**Action item**
Pull every line with the word "dimensional" out of the entries below.

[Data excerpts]
-- Opening Marker --

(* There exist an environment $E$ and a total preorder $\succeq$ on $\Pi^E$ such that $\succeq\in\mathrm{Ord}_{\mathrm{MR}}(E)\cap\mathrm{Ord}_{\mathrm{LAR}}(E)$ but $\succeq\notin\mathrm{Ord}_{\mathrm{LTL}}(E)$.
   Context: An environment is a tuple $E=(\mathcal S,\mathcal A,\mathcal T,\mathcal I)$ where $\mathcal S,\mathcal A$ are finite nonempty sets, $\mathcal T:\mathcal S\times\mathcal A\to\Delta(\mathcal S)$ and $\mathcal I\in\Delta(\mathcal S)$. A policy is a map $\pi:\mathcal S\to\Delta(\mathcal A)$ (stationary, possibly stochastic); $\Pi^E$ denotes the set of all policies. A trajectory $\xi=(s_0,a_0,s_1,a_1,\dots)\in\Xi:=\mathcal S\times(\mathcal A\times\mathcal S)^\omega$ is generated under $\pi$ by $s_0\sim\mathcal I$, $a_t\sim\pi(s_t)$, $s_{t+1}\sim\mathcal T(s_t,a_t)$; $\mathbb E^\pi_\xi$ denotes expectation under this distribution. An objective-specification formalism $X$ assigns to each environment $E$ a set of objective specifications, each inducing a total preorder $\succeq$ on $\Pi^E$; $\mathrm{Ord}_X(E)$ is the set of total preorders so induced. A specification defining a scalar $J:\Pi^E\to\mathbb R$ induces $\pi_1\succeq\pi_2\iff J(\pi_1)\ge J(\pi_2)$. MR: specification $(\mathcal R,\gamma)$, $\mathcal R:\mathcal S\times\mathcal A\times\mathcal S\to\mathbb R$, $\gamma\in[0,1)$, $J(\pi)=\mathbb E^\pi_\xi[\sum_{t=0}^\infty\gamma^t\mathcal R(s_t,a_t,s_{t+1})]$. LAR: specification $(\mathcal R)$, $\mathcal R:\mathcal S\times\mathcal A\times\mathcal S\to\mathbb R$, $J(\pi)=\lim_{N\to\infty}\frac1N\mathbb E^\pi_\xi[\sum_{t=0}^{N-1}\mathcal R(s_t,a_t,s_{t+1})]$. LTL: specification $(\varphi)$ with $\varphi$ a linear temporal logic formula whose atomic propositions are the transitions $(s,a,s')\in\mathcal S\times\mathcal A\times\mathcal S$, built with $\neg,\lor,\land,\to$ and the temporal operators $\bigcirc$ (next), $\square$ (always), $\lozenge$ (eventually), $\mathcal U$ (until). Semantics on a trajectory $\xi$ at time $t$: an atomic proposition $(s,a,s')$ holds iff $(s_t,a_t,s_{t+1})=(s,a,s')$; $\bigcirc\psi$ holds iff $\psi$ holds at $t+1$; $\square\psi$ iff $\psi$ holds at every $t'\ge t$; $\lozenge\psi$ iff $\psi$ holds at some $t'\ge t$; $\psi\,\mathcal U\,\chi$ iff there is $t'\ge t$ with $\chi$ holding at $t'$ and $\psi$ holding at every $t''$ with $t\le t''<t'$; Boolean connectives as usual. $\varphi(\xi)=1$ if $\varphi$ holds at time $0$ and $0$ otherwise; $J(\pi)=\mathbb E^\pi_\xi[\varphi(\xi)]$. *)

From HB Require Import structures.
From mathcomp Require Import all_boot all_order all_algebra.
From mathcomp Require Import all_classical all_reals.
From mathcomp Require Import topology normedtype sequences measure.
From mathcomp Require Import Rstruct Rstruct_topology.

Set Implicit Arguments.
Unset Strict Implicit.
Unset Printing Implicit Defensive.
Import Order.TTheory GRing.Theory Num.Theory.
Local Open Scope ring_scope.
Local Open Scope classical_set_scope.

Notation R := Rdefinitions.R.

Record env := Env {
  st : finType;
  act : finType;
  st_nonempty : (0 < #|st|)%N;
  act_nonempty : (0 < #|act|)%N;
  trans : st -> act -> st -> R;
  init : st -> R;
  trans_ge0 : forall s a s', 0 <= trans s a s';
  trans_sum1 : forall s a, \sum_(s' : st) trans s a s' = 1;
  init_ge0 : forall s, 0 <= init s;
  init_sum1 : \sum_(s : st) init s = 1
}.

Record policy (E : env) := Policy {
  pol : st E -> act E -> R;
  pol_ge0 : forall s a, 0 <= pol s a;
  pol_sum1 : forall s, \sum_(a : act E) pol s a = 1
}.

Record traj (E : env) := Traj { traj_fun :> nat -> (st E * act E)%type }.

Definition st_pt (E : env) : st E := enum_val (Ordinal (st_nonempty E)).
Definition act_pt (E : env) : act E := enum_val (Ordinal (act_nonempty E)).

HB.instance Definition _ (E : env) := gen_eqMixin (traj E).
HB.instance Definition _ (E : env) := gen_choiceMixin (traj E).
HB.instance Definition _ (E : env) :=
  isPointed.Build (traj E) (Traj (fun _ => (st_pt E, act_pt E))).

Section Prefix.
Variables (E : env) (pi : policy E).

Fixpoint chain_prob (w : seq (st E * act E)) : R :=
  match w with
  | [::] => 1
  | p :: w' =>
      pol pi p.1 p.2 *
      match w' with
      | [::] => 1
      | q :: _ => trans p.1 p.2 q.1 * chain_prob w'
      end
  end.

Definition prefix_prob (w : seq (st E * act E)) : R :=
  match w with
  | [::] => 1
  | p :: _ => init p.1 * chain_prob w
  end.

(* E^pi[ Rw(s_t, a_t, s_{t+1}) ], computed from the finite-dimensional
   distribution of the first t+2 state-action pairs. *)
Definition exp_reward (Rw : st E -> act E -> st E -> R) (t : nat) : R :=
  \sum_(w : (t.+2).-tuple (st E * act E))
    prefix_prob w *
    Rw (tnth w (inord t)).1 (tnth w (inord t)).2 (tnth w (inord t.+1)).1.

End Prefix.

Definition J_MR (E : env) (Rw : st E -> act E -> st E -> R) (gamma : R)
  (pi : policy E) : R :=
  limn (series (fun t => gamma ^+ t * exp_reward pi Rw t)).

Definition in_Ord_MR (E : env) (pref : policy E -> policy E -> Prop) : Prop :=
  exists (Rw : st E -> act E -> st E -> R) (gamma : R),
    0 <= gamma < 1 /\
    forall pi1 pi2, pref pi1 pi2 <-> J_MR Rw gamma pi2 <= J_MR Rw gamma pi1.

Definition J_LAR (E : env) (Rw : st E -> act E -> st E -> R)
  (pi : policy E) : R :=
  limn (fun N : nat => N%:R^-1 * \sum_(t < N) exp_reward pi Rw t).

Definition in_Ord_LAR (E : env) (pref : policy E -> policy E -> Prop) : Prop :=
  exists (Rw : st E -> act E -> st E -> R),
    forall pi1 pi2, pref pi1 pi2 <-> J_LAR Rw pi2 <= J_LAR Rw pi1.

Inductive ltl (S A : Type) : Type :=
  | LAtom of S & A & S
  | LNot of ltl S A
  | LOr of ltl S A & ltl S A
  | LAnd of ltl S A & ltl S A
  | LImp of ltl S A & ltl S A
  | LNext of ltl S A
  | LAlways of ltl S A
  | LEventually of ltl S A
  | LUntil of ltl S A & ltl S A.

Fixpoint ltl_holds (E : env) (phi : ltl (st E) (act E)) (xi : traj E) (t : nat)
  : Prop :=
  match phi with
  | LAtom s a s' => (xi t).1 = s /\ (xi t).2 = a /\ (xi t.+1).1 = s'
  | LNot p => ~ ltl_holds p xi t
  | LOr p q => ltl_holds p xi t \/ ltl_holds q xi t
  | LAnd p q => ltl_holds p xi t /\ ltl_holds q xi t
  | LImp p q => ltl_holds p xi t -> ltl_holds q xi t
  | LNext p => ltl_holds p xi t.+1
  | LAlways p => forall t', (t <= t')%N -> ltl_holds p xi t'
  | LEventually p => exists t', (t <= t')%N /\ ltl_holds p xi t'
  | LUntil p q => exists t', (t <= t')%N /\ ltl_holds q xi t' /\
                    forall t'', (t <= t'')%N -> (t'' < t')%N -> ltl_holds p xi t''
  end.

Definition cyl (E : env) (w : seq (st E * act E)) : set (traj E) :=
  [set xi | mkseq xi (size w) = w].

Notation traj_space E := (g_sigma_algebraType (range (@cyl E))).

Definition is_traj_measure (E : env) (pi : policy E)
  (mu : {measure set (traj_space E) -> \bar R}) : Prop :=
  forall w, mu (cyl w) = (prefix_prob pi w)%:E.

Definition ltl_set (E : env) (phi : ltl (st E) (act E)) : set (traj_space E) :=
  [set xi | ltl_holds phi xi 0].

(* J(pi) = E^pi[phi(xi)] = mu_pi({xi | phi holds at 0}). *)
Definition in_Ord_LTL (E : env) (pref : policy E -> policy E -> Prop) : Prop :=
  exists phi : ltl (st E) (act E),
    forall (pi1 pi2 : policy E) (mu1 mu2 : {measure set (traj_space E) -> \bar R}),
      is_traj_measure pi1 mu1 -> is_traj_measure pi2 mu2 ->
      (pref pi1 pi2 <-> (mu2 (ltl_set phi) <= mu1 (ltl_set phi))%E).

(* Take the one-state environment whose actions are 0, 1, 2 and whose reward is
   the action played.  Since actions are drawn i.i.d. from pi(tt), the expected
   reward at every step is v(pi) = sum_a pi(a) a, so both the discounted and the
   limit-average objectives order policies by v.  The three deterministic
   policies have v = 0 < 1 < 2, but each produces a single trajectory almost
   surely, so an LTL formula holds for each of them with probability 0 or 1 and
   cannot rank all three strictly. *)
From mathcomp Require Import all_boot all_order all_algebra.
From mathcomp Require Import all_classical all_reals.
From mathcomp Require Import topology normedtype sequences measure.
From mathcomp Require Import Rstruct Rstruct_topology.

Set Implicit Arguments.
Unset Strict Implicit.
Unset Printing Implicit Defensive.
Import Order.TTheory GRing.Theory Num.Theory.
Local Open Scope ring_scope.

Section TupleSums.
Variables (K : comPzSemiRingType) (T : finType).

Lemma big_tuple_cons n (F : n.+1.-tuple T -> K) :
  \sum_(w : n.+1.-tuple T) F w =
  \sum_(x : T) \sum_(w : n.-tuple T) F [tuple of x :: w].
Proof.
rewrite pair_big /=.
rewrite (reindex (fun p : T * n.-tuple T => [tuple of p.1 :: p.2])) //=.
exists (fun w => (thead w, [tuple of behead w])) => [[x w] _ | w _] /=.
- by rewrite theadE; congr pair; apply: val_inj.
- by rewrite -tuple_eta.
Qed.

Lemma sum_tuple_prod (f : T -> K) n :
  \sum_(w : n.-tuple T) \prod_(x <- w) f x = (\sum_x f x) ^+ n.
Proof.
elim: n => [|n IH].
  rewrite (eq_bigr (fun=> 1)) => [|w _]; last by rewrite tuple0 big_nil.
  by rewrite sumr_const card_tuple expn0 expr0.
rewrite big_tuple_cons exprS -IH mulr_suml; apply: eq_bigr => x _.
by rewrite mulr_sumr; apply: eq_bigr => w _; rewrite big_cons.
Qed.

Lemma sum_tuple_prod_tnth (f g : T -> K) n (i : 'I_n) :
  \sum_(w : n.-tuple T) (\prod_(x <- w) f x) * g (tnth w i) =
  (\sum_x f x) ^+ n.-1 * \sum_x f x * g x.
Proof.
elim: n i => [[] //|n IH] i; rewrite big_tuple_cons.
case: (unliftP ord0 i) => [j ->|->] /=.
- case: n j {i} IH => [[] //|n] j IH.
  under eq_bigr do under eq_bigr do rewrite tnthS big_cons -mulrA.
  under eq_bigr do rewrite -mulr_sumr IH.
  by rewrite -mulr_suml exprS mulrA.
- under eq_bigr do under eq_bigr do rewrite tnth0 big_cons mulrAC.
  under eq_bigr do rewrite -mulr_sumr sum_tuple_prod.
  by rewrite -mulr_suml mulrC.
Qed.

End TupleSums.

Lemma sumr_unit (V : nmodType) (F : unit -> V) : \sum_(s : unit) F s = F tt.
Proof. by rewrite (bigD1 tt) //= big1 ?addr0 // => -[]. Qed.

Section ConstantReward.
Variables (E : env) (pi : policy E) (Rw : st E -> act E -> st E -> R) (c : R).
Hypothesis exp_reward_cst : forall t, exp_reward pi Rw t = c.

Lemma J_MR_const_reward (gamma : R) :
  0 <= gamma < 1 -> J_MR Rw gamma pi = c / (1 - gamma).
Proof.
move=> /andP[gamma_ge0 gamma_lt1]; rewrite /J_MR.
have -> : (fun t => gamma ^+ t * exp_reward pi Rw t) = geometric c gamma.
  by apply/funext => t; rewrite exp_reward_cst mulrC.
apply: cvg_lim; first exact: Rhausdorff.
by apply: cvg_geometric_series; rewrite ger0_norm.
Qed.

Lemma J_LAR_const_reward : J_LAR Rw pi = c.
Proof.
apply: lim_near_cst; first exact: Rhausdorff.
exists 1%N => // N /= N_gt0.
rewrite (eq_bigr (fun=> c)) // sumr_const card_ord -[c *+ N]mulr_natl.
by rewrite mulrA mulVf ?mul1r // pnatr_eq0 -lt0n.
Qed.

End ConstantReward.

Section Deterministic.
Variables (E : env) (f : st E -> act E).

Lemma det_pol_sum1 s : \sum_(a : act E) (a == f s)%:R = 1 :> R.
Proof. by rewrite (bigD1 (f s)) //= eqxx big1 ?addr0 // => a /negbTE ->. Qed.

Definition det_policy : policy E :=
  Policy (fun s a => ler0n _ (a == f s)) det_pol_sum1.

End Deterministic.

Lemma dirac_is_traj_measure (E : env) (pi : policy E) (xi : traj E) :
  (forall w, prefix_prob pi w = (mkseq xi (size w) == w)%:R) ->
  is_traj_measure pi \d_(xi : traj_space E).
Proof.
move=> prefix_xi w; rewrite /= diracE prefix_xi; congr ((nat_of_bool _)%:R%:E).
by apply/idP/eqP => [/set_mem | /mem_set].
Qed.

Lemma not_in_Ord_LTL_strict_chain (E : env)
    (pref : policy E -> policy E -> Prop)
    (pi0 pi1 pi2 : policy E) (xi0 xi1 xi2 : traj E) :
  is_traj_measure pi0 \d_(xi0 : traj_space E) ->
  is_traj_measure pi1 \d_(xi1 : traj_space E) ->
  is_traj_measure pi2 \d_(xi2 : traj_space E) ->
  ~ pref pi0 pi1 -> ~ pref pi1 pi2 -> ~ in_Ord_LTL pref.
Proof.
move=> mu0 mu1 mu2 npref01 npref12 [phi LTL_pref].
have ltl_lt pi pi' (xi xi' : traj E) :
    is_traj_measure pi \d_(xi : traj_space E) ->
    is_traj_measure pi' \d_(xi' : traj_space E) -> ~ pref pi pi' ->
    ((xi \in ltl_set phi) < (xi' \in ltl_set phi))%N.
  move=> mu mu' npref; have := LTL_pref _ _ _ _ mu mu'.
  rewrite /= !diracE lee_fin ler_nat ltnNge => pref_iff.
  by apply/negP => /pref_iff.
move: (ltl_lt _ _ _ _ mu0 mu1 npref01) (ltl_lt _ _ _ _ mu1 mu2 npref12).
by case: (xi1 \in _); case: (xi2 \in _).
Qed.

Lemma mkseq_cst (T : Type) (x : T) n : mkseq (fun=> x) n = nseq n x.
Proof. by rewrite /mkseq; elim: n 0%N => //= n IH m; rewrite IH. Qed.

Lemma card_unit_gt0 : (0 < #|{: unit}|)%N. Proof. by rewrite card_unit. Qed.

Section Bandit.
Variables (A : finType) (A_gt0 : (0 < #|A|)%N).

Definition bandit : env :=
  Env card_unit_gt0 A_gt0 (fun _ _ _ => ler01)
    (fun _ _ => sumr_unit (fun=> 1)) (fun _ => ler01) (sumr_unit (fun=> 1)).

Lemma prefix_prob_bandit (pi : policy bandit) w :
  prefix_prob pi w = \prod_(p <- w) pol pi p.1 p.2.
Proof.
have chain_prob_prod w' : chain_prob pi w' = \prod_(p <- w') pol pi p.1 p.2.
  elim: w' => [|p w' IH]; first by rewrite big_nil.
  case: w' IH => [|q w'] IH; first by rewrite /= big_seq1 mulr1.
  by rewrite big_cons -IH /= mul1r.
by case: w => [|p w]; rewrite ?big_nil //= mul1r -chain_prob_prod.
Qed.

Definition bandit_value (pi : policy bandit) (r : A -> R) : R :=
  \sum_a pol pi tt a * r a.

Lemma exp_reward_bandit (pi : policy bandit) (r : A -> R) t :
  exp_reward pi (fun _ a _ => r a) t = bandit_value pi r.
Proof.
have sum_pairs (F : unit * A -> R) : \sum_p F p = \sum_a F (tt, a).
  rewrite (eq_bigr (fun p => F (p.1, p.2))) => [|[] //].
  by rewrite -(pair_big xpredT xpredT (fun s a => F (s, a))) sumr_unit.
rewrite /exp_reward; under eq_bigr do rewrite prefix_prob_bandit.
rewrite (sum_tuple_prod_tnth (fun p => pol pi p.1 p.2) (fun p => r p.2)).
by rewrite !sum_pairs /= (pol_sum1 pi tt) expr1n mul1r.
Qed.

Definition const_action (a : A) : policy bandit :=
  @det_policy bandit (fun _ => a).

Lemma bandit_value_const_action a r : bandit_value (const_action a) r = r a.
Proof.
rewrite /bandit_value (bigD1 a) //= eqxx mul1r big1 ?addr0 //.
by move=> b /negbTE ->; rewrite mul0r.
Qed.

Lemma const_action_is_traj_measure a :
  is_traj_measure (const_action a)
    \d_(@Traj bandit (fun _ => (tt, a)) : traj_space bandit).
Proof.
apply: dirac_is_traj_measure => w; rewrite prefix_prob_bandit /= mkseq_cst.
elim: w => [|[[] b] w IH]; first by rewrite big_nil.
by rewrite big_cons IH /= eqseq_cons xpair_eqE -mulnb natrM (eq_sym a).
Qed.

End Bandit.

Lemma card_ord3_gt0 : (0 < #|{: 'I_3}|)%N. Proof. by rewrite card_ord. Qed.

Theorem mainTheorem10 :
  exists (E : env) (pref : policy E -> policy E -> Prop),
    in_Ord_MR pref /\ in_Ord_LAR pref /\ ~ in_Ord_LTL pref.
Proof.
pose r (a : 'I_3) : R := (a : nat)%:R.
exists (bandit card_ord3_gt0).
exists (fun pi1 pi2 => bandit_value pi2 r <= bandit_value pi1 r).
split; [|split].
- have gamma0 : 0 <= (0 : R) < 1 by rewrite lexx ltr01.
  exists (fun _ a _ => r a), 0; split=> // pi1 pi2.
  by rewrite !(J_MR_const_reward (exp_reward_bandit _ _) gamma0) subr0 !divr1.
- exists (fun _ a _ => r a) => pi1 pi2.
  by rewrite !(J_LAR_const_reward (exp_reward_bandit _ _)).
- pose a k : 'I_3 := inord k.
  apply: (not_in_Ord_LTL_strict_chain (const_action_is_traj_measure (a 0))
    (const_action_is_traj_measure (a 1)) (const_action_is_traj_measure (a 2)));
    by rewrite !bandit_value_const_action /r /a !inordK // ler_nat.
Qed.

-- Closing Marker --
-- Opening Marker --

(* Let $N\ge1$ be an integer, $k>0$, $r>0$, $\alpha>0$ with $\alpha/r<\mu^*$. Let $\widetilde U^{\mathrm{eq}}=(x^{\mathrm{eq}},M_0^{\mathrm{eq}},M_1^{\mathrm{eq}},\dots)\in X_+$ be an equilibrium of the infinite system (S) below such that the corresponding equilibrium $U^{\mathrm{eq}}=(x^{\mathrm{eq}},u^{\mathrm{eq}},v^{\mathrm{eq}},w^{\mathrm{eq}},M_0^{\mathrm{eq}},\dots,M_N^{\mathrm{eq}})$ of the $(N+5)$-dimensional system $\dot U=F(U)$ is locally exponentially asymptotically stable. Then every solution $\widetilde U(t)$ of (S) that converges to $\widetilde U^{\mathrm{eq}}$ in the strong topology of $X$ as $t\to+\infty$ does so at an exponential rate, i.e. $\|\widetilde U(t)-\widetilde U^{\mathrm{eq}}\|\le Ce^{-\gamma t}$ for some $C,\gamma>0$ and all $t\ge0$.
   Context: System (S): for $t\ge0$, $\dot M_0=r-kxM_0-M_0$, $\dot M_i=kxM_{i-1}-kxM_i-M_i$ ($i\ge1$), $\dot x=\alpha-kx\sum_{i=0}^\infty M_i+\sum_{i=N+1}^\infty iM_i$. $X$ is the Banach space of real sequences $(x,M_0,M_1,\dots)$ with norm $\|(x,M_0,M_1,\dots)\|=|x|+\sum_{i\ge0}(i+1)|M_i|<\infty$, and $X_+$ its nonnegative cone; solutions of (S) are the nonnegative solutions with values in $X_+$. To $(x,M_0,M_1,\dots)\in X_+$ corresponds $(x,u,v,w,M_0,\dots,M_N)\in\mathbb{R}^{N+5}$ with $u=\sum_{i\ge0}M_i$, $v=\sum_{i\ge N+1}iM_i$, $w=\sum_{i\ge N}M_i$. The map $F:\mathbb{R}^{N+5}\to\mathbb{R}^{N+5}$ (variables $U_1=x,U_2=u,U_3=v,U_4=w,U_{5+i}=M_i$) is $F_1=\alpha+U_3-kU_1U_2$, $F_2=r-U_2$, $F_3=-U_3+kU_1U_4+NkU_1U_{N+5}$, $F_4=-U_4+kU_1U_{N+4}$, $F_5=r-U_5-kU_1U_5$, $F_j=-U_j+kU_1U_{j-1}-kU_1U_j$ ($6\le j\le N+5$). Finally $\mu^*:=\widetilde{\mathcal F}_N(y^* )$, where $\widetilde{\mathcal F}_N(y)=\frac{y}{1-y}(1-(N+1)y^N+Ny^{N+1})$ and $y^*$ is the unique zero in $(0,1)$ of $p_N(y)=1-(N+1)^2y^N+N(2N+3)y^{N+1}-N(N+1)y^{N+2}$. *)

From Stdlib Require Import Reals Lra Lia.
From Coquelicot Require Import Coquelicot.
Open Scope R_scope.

-- Closing Marker --

**Task answer**
(* E^pi[ Rw(s_t, a_t, s_{t+1}) ], computed from the finite-dimensional
(* Let $N\ge1$ be an integer, $k>0$, $r>0$, $\alpha>0$ with $\alpha/r<\mu^*$. Let $\widetilde U^{\mathrm{eq}}=(x^{\mathrm{eq}},M_0^{\mathrm{eq}},M_1^{\mathrm{eq}},\dots)\in X_+$ be an equilibrium of the infinite system (S) below such that the corresponding equilibrium $U^{\mathrm{eq}}=(x^{\mathrm{eq}},u^{\mathrm{eq}},v^{\mathrm{eq}},w^{\mathrm{eq}},M_0^{\mathrm{eq}},\dots,M_N^{\mathrm{eq}})$ of the $(N+5)$-dimensional system $\dot U=F(U)$ is locally exponentially asymptotically stable. Then every solution $\widetilde U(t)$ of (S) that converges to $\widetilde U^{\mathrm{eq}}$ in the strong topology of $X$ as $t\to+\infty$ does so at an exponential rate, i.e. $\|\widetilde U(t)-\widetilde U^{\mathrm{eq}}\|\le Ce^{-\gamma t}$ for some $C,\gamma>0$ and all $t\ge0$.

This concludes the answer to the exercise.